--- Given records Enclosed Below ---
(* Let $s_1<\dots<s_n$ be reals and $Z(n,d)\subseteq\mathbb{R}^d$ the cyclic zonotope they define. The poset of proper faces of $Z(n,d)$, ordered by inclusion, is isomorphic to the induced subposet of $\Lambda_n$ consisting of those $\lambda$ with $m(\lambda)\le d-1$.
   Context: $Z(n,d)=\{\sum_{i=1}^n c_iu_i:0\le c_i\le1\}$ with $u_i=(1,s_i,\dots,s_i^{d-1})$. Proper faces are the nonempty faces different from $Z(n,d)$. $\Lambda_n=\{0,+,-\}^n$, partially ordered componentwise by the order on $\{0,+,-\}$ with relations $+<0$ and $-<0$ (and $+,-$ incomparable). For $\lambda=(\lambda_1,\dots,\lambda_n)\in\Lambda_n$: an even gap is a pair of indices $i<j$ with $\lambda_i,\lambda_j$ nonzero of opposite signs, $\lambda_r=0$ for all $i<r<j$, and $j-i-1$ even (possibly zero); an odd gap is a pair $i<j$ with $\lambda_i,\lambda_j$ nonzero of the same sign, $\lambda_r=0$ for all $i<r<j$, and $j-i-1$ odd. $m(\lambda)$ is the number of even gaps plus the number of odd gaps plus the number of zero entries of $\lambda$. *)

From HB Require Import structures.
From mathcomp Require Import all_boot all_order all_algebra.
Set Implicit Arguments. Unset Strict Implicit. Unset Printing Implicit Defensive.
Import Order.TTheory GRing.Theory Num.Theory.
Local Open Scope ring_scope.

Inductive sign := Zero | Plus | Minus.

Definition sign_eqb (a b : sign) : bool :=
  match a, b with
  | Zero, Zero | Plus, Plus | Minus, Minus => true
  | _, _ => false
  end.

Lemma sign_eqP : Equality.axiom sign_eqb.
Proof. by case; case; constructor. Qed.

HB.instance Definition _ := hasDecEq.Build sign sign_eqP.

Definition sign_le (a b : sign) : bool := (a == b) || (b == Zero).

Definition lam_le (n : nat) (l1 l2 : 'I_n -> sign) : Prop :=
  forall i, sign_le (l1 i) (l2 i).

Definition zeros_between (n : nat) (l : 'I_n -> sign) (i j : 'I_n) : bool :=
  [forall r : 'I_n, ((i < r)%N && (r < j)%N) ==> (l r == Zero)].

Definition even_gap (n : nat) (l : 'I_n -> sign) (i j : 'I_n) : bool :=
  [&& (i < j)%N,
      ((l i == Plus) && (l j == Minus)) || ((l i == Minus) && (l j == Plus)),
      zeros_between l i j & ~~ odd (j - i - 1)].

Definition odd_gap (n : nat) (l : 'I_n -> sign) (i j : 'I_n) : bool :=
  [&& (i < j)%N, l i != Zero, l i == l j,
      zeros_between l i j & odd (j - i - 1)].

Definition mlam (n : nat) (l : 'I_n -> sign) : nat :=
  (#|[pred p : 'I_n * 'I_n | even_gap l p.1 p.2]|
   + #|[pred p : 'I_n * 'I_n | odd_gap l p.1 p.2]|
   + #|[pred i : 'I_n | l i == Zero]|)%N.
--- End of Enclosed Given records ---
• _What is needed_: The answer should consist of the lines from the one with "Definition sign_eqb (a" through the last line of the entries, duplicated exactly and nothing more.

• _Expected output_:
Definition sign_eqb (a b : sign) : bool :=
  match a, b with
  | Zero, Zero | Plus, Plus | Minus, Minus => true
  | _, _ => false
  end.

Lemma sign_eqP : Equality.axiom sign_eqb.
Proof. by case; case; constructor. Qed.

HB.instance Definition _ := hasDecEq.Build sign sign_eqP.

Definition sign_le (a b : sign) : bool := (a == b) || (b == Zero).

Definition lam_le (n : nat) (l1 l2 : 'I_n -> sign) : Prop :=
  forall i, sign_le (l1 i) (l2 i).

Definition zeros_between (n : nat) (l : 'I_n -> sign) (i j : 'I_n) : bool :=
  [forall r : 'I_n, ((i < r)%N && (r < j)%N) ==> (l r == Zero)].

Definition even_gap (n : nat) (l : 'I_n -> sign) (i j : 'I_n) : bool :=
  [&& (i < j)%N,
      ((l i == Plus) && (l j == Minus)) || ((l i == Minus) && (l j == Plus)),
      zeros_between l i j & ~~ odd (j - i - 1)].

Definition odd_gap (n : nat) (l : 'I_n -> sign) (i j : 'I_n) : bool :=
  [&& (i < j)%N, l i != Zero, l i == l j,
      zeros_between l i j & odd (j - i - 1)].

Definition mlam (n : nat) (l : 'I_n -> sign) : nat :=
  (#|[pred p : 'I_n * 'I_n | even_gap l p.1 p.2]|
   + #|[pred p : 'I_n * 'I_n | odd_gap l p.1 p.2]|
   + #|[pred i : 'I_n | l i == Zero]|)%N.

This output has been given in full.